# Shoot Thru Hull xducer issue.....



## SPOONFEEDER (Jul 6, 2006)

Got a friend of mine Bought a 1993 28' Baha Cruiser last fall. He has a Raymarine A60 with DSM25 on it and a Aiirmar P79 shoot thru hull transducer. It will not look on to bottom. I was wondering if the Baha Cruiser's hull has a wood core in it. There is also a old Lowrance 350 onboard that will lock on sometimes but not all. All transducers are in the bilge area midship. If i place P79 overboard into water locks on good. I am thinking there is something in the hull blocking the signal.
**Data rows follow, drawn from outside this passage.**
(* Consider the following insertion-only procedure for maintaining a coloring of a set $S$ of objects, where $S$ is partitioned into sets $S_0,\ldots,S_\ell$, $\ell=\lceil\log n\rceil$, each in one of the states empty, full, or in migration, and where for each $i$ there are $\ell-i+1$ color sets $C(i,t)$, $0\le t\le \ell-i$, each of $\gamma_{\mathrm{um}}(2^i)$ colors. To insert an object $s$: (1) let $i$ be the smallest index with $S_i$ empty (if $i=\ell+1$ a new set is introduced and $\ell$ is redefined); (2) set $S_i:=\{s\}\cup S_0\cup\cdots\cup S_{i-1}$, mark $S_0,\ldots,S_{i-1}$ empty and $S_i$ in migration; (3) take an unused color set $C(i,t)$ and compute a unimax coloring of $S_i$ with it, whose colors are called final colors; only $s$ is given its final color now; (4) for each set $S_k$ in migration, recolor to its final color one object of $S_k$ whose current color differs from its final color and whose final color is maximal among such objects; if all objects of $S_k$ now have their final color, mark $S_k$ full. Then whenever an object is inserted and the first empty set is $S_i$, the sets $S_0,\ldots,S_{i-1}$ are full.
   Context: Initially $S$ is empty and all sets are empty. A unimax coloring of a set of objects (regions with respect to points, or points with respect to ranges) is a coloring by integers such that for every point (resp. range) $q$ related to at least one object, the maximum color among the objects related to $q$ is attained by exactly one of them. $\gamma_{\mathrm{um}}$ is a non-decreasing function such that every $m$ objects of the family admit a unimax coloring with $\gamma_{\mathrm{um}}(m)$ colors. *)

From mathcomp Require Import all_boot.
Set Implicit Arguments. Unset Strict Implicit. Unset Printing Implicit Defensive.

Inductive status := Empty | Full | Migration.

Section Unimax.
Variables (T : eqType) (Q : Type) (rel : Q -> T -> bool).

Definition unimax (X : seq T) (f : T -> nat) : Prop :=
  forall q, has (rel q) X ->
  exists x, [/\ x \in X, rel q x,
     (forall y, y \in X -> rel q y -> f y <= f x) &
     (forall y, y \in X -> rel q y -> f y = f x -> y = x)].

Definition gamma_um_bound (gamma : nat -> nat) : Prop :=
  forall X : seq T, uniq X ->
  exists f, unimax X f /\ size (undup (map f X)) <= gamma (size X).

Record config := Config {
  ell : nat;                 (* sets S_0, ..., S_ell exist *)
  sets : nat -> seq T;
  state : nat -> status;
  col : T -> nat;
  fcol : T -> nat
}.

Definition in_S (c : config) (x : T) : Prop :=
  exists k, k <= ell c /\ x \in sets c k.

Definition first_empty (c : config) (i : nat) : Prop :=
  [/\ i <= (ell c).+1, (i <= ell c -> state c i = Empty) &
      forall j, j < i -> state c j <> Empty].

(* step (4) for one set X in migration, from colours col to col' *)
Definition recolor_one (X : seq T) (col fcol col' : T -> nat) : Prop :=
  ((forall x, x \in X -> col x = fcol x) /\ (forall x, x \in X -> col' x = col x))
  \/ exists x, [/\ x \in X, col x <> fcol x,
        (forall y, y \in X -> col y <> fcol y -> fcol y <= fcol x),
        col' x = fcol x &
        forall y, y \in X -> y <> x -> col' y = col y].

Variable C : nat -> nat -> seq nat.

Definition insert_step (c : config) (s : T) (c' : config) : Prop :=
  ~ in_S c s /\
  exists i ell' t (g : T -> nat) (col' : T -> nat),
    let Si := s :: flatten [seq sets c j | j <- iota 0 i] in
    let sets' := fun j => if j < i then [::] else if j == i then Si
                          else if j <= ell c then sets c j else [::] in
    let st1 := fun j => if j < i then Empty else if j == i then Migration
                        else if j <= ell c then state c j else Empty in
    let fcol1 := fun x => if x \in Si then g x else fcol c x in
    let col1 := fun x => if x == s then g s else col c x in
    let st' := fun j => match st1 j with
                        | Migration => if all (fun x => col' x == fcol1 x) (sets' j)
                                       then Full else Migration
                        | st => st end in
    [/\ first_empty c i,
        (* (1) a new set is introduced and ell redefined if i = ell+1 *)
        (i <= ell c -> ell' = ell c) /\ (i = (ell c).+1 -> i <= ell'),
        (* (3) an unused colour set C(i,t), unimax colouring of S_i with it *)
        [/\ t <= ell' - i,
            (forall x, in_S c x -> col c x \notin C i t),
            (forall x, x \in Si -> g x \in C i t) &
            unimax Si g],
        (* (4) each set in migration recolours one object *)
        (forall k, st1 k = Migration -> recolor_one (sets' k) col1 fcol1 col') /\
        (forall x, ~ (exists k, st1 k = Migration /\ x \in sets' k) ->
                   col' x = col1 x) &
        c' = Config ell' sets' st' col' fcol1].

Inductive reachable : config -> Prop :=
| reach_init ell0 col0 fcol0 :
    reachable (Config ell0 (fun _ => [::]) (fun _ => Empty) col0 fcol0)
| reach_step c s c' : reachable c -> insert_step c s c' -> reachable c'.

End Unimax.

From mathcomp Require Import all_boot.
From mathcomp Require Import zify.
Set Implicit Arguments. Unset Strict Implicit. Unset Printing Implicit Defensive.

(* Potential argument.  Let S_k be in migration and let m be the number of its
   objects whose colour is not yet final.  When S_k is created, S_0 .. S_(k-1)
   are empty and m < 2^k, because the new object gets its final colour at once.
   Every later insertion adds exactly one object to S_0 .. S_(k-1) and recolours
   one object of S_k, so m + |S_0| + ... + |S_(k-1)| never increases and stays
   below 2^k.  When S_0 .. S_(k-1) are all nonempty they contain 2^k - 1
   objects, so m = 0, and S_k has been marked full. *)

Section Colours.
Variable T : eqType.

Definition miscolored (col fcol : T -> nat) (X : seq T) : nat :=
  count (fun x => col x != fcol x) X.

Lemma miscolored_gt0 (col fcol : T -> nat) (X : seq T) :
  (0 < miscolored col fcol X) = ~~ all (fun x => col x == fcol x) X.
Proof. by rewrite -has_count -has_predC. Qed.

Lemma miscolored_recolor_one (X : seq T) (col fcol col' : T -> nat) :
  recolor_one X col fcol col' ->
  miscolored col' fcol X <= (miscolored col fcol X).-1.
Proof.
case=> [[col_final col'_col] | [x [xX x_wrong _ x_fixed others_kept]]].
  have -> : miscolored col' fcol X = miscolored col fcol X.
    by apply: eq_in_count => y /col'_col /= ->.
  suff -> : miscolored col fcol X = 0 by [].
  by rewrite -(count_pred0 X); apply: eq_in_count => y /col_final /= ->; rewrite eqxx.
rewrite /miscolored; set wrong := fun y => col y != fcol y.
have -> : count (fun y => col' y != fcol y) X = count (predD1 wrong x) X.
  apply: eq_in_count => y yX /=; case: (eqVneq y x) => [->|yx]; first by rewrite x_fixed eqxx.
  by rewrite others_kept //; apply/eqP.
have := count_predUI (pred1 x) (predD1 wrong x) X.
have -> : count (predU (pred1 x) (predD1 wrong x)) X = count wrong X.
  by apply: eq_count => y /=; case: (eqVneq y x) => // ->; rewrite /wrong (introN eqP x_wrong).
have -> : count (predI (pred1 x) (predD1 wrong x)) X = 0.
  by rewrite -(count_pred0 X); apply: eq_count => y /=; case: eqVneq.
have : 0 < count_mem x X by rewrite -has_count; apply/hasP; exists x => //=.
lia.
Qed.

End Colours.

Section Invariant.
Variable T : eqType.

Definition lower_size (sets : nat -> seq T) (k : nat) : nat :=
  size (flatten [seq sets j | j <- iota 0 k]).

Lemma lower_sizeS (sets : nat -> seq T) k :
  lower_size sets k.+1 = lower_size sets k + size (sets k).
Proof. by rewrite /lower_size -addn1 iotaD map_cat flatten_cat size_cat /= cats0. Qed.

Record invariant (c : config T) : Prop := Invariant {
  size_sets : forall k, size (sets c k) = if state c k is Empty then 0 else 2 ^ k;
  sets_beyond_ell : forall k, ell c < k -> sets c k = [::];
  sets_disjoint : forall k m x, x \in sets c k -> x \in sets c m -> k = m;
  migration_progress : forall k, state c k = Migration ->
    0 < miscolored (col c) (fcol c) (sets c k) /\
    miscolored (col c) (fcol c) (sets c k) + lower_size (sets c) k < 2 ^ k }.

Lemma invariant_init ell0 (col0 fcol0 : T -> nat) :
  invariant (Config ell0 (fun _ => [::]) (fun _ => Empty) col0 fcol0).
Proof. by []. Qed.

Lemma lower_size_nonempty (c : config T) j : invariant c ->
  (forall m, m < j -> state c m <> Empty) -> (lower_size (sets c) j).+1 = 2 ^ j.
Proof.
move=> inv_c; elim: j => [//|j IH] nonempty.
have nonempty_j : state c j <> Empty by apply: nonempty.
have size_j : size (sets c j) = 2 ^ j by rewrite size_sets //; case: (state c j) nonempty_j.
rewrite lower_sizeS size_j -addSn IH ?expnS ?mul2n ?addnn // => m hm.
by apply: nonempty; apply: ltnW.
Qed.

Lemma not_in_S_sets (c : config T) s k : invariant c -> ~ in_S c s -> s \notin sets c k.
Proof.
move=> inv_c s_new; case: (leqP k (ell c)) => hk; last by rewrite sets_beyond_ell.
by apply/negP => sk; apply: s_new; exists k.
Qed.

End Invariant.

Section Insertion.
Variable T : eqType.

Definition merged (c : config T) (s : T) (i : nat) : seq T :=
  s :: flatten [seq sets c j | j <- iota 0 i].

Definition merged_sets (c : config T) (s : T) (i j : nat) : seq T :=
  if j < i then [::] else if j == i then merged c s i
  else if j <= ell c then sets c j else [::].

Definition merged_state (c : config T) (i j : nat) : status :=
  if j < i then Empty else if j == i then Migration
  else if j <= ell c then state c j else Empty.

(* Spelled out constructor by constructor, to be convertible with the
   catch-all match of [insert_step]. *)
Definition settle (col fcol : T -> nat) (X : seq T) (st : status) : status :=
  match st with
  | Empty => Empty
  | Full => Full
  | Migration => if all (fun x => col x == fcol x) X then Full else Migration
  end.

Variables (c : config T) (s : T) (i ell' : nat) (col1 fcol1 col' : T -> nat).
Hypotheses (inv_c : invariant c) (s_new : forall k, s \notin sets c k)
  (first_empty_i : first_empty c i) (i_le_ell' : i <= ell') (ell_le_ell' : ell c <= ell')
  (col1_s : col1 s = fcol1 s) (col1_old : forall x, x != s -> col1 x = col c x)
  (fcol1_old : forall x, x \notin merged c s i -> fcol1 x = fcol c x)
  (recolor : forall k, merged_state c i k = Migration ->
     recolor_one (merged_sets c s i k) col1 fcol1 col').

Let new_state k := settle col' fcol1 (merged_sets c s i k) (merged_state c i k).

Lemma sets_i_nil : sets c i = [::].
Proof.
have [_ empty_i _] := first_empty_i.
case: (leqP i (ell c)) => h; last by rewrite sets_beyond_ell.
by apply/size0nil; rewrite size_sets // empty_i.
Qed.

Lemma merged_sets_below k : k < i -> merged_sets c s i k = [::].
Proof. by rewrite /merged_sets => ->. Qed.

Lemma merged_sets_at : merged_sets c s i i = merged c s i.
Proof. by rewrite /merged_sets ltnn eqxx. Qed.

Lemma merged_sets_above k : i < k -> merged_sets c s i k = sets c k.
Proof.
move=> hk; rewrite /merged_sets ltnNge (ltnW hk) gtn_eqF //=.
by case: leqP => // /sets_beyond_ell ->.
Qed.

Lemma merged_state_above k : i < k -> merged_state c i k = state c k.
Proof.
move=> hk; rewrite /merged_state ltnNge (ltnW hk) gtn_eqF //=.
case: leqP => // /(sets_beyond_ell inv_c) sets_k.
by have := size_sets inv_c k; rewrite sets_k; case: (state c k) => //= /eqP; rewrite eq_sym expn_eq0.
Qed.

Lemma mem_merged x : x \in merged c s i -> x = s \/ exists2 j, j < i & x \in sets c j.
Proof.
rewrite inE => /orP [/eqP ->|]; first by left.
move/flattenP => [X /mapP [j]]; rewrite mem_iota add0n => /andP [_ hj] -> xX.
by right; exists j.
Qed.

Lemma notin_merged k x : i < k -> x \in sets c k -> x \notin merged c s i.
Proof.
move=> hk xk; apply/negP => /mem_merged [xs|[j hj xj]].
  by move: (s_new k); rewrite -xs xk.
by have := sets_disjoint inv_c xk xj; lia.
Qed.

Lemma mem_merged_sets k x : x \in merged_sets c s i k ->
  (k = i /\ x \in merged c s i) \/ (i < k /\ x \in sets c k).
Proof.
case: (ltngtP k i) => [/merged_sets_below -> //|hk|->]; last by rewrite merged_sets_at; left.
by rewrite merged_sets_above //; right.
Qed.

Lemma size_merged : size (merged c s i) = 2 ^ i.
Proof.
have [_ _ nonempty] := first_empty_i.
by rewrite -(lower_size_nonempty inv_c nonempty).
Qed.

Lemma lower_size_merged k :
  lower_size (merged_sets c s i) k = if k <= i then 0 else (lower_size (sets c) k).+1.
Proof.
elim: k => [//|k IH]; rewrite !lower_sizeS IH.
case: (ltngtP k i) => [hk|hk|->].
- by rewrite merged_sets_below.
- by rewrite merged_sets_above // addSn.
- by rewrite merged_sets_at sets_i_nil addn0.
Qed.

Lemma miscolored_merged : miscolored col1 fcol1 (merged c s i) < 2 ^ i.
Proof.
by rewrite -size_merged /miscolored /= col1_s eqxx add0n ltnS count_size.
Qed.

Lemma miscolored_old k : i < k ->
  miscolored col1 fcol1 (sets c k) = miscolored (col c) (fcol c) (sets c k).
Proof.
move=> hk; apply: eq_in_count => x xk.
rewrite col1_old ?fcol1_old ?(notin_merged hk) //.
by apply: contraNneq (s_new k) => <-.
Qed.

Lemma invariant_insert :
  invariant (Config ell' (merged_sets c s i) new_state col' fcol1).
Proof.
split=> /= [k | k hk | k m x /mem_merged_sets hk /mem_merged_sets hm | k].
- rewrite /new_state; case: (ltngtP k i) => [hk|hk|->].
  + by rewrite merged_sets_below // /merged_state hk.
  + rewrite merged_sets_above // merged_state_above // size_sets //.
    by case: (state c k) => //=; case: ifP.
  + by rewrite merged_sets_at size_merged /merged_state ltnn eqxx /=; case: ifP.
- by rewrite merged_sets_above ?sets_beyond_ell //; lia.
- case: hk hm => [[-> xS] | [hk xk]] [[-> xS'] | [hm xm]] //.
  + by rewrite (negPf (notin_merged hm xm)) in xS.
  + by rewrite (negPf (notin_merged hk xk)) in xS'.
  + exact: (sets_disjoint inv_c xk xm).
- rewrite /new_state /settle; case E: (merged_state c i k) => //.
  case: ifP => // /negbT; rewrite -miscolored_gt0 => pos _; split => //.
  have := miscolored_recolor_one (recolor E).
  rewrite lower_size_merged; case: (ltngtP k i) => [hk|hk|->].
  + by move: E; rewrite /merged_state hk.
  + move: E; rewrite merged_state_above // merged_sets_above // miscolored_old // => Mk.
    by have := migration_progress inv_c Mk; lia.
  + by rewrite merged_sets_at; have := miscolored_merged; lia.
Qed.

End Insertion.

Lemma insert_step_invariant (T : eqType) (Q : Type) (rel : Q -> T -> bool)
  (C : nat -> nat -> seq nat) (c c' : config T) (s : T) :
  invariant c -> insert_step rel C c s c' -> invariant c'.
Proof.
move=> inv_c [s_new [i [ell' [t [g [col' [fe [ell_eq ell_new] _ [recolor _] ->]]]]]]].
have [i_le _ _] := fe.
apply: (@invariant_insert T c s i ell' (fun x => if x == s then g s else col c x)
  (fun x => if x \in merged c s i then g x else fcol c x) col' inv_c _ fe _ _ _ _ _ recolor).
- by move=> k; apply: not_in_S_sets.
- by case: (leqP i (ell c)) => h; [rewrite ell_eq | apply: ell_new; lia].
- by case: (leqP i (ell c)) => h; [rewrite ell_eq | have := ell_new; lia].
- by rewrite eqxx mem_head.
- by move=> x /negPf ->.
- by move=> x /negPf ->.
Qed.

Lemma reachable_invariant (T : eqType) (Q : Type) (rel : Q -> T -> bool)
  (C : nat -> nat -> seq nat) (c : config T) : reachable rel C c -> invariant c.
Proof.
elim=> [ell0 col0 fcol0 | c0 s c1 _ inv_c0 step]; first exact: invariant_init.
exact: insert_step_invariant inv_c0 step.
Qed.

Theorem mainTheorem8 (T : eqType) (Q : Type) (rel : Q -> T -> bool)
  (gamma : nat -> nat)
  (gamma_mono : forall m n, m <= n -> gamma m <= gamma n)
  (gamma_ok : gamma_um_bound rel gamma)
  (C : nat -> nat -> seq nat)
  (C_ok : forall i t, uniq (C i t) /\ size (C i t) = gamma (2 ^ i))
  (c c' : config T) (s : T) (i : nat) :
  reachable rel C c -> insert_step rel C c s c' -> first_empty c i ->
  forall j, j < i -> state c j = Full.
Proof.
move=> /reachable_invariant inv_c _ [_ _ nonempty] j hj.
case E: (state c j) => //; first by have := nonempty j hj; rewrite E.
have [pos bound] := migration_progress inv_c E.
have := lower_size_nonempty inv_c (fun m hm => nonempty m (ltn_trans hm hj)).
lia.
Qed.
Also, can you mount a transome mount ducer if you have twin inboard motors, and still work ok?

Thanks
Larry


----------



## Nauti cat (Nov 30, 2009)

don't think there is wood only in transom and stringers. Ihad twin i/o on my baha cruisers had no problem with transom mount. Where you mount the b79 is there a cavity for liquid same idea as using a ice transducer where you put liquid in a container then put the transducer in it, it will shoot thru ice?


----------



## SPOONFEEDER (Jul 6, 2006)

Thanks. The p79 is mounted properly and has antifreeze in it as it calls for. Not sure why its not working properly. Probably will mount transom ducer on it. 

Sent via my Droid Bionic


----------



## Nauti cat (Nov 30, 2009)

you might check ebay they have ashoot thru for raymarine compatible with dsm250 $135 I bought a thru hull for my standard horizion works great, just a thought


----------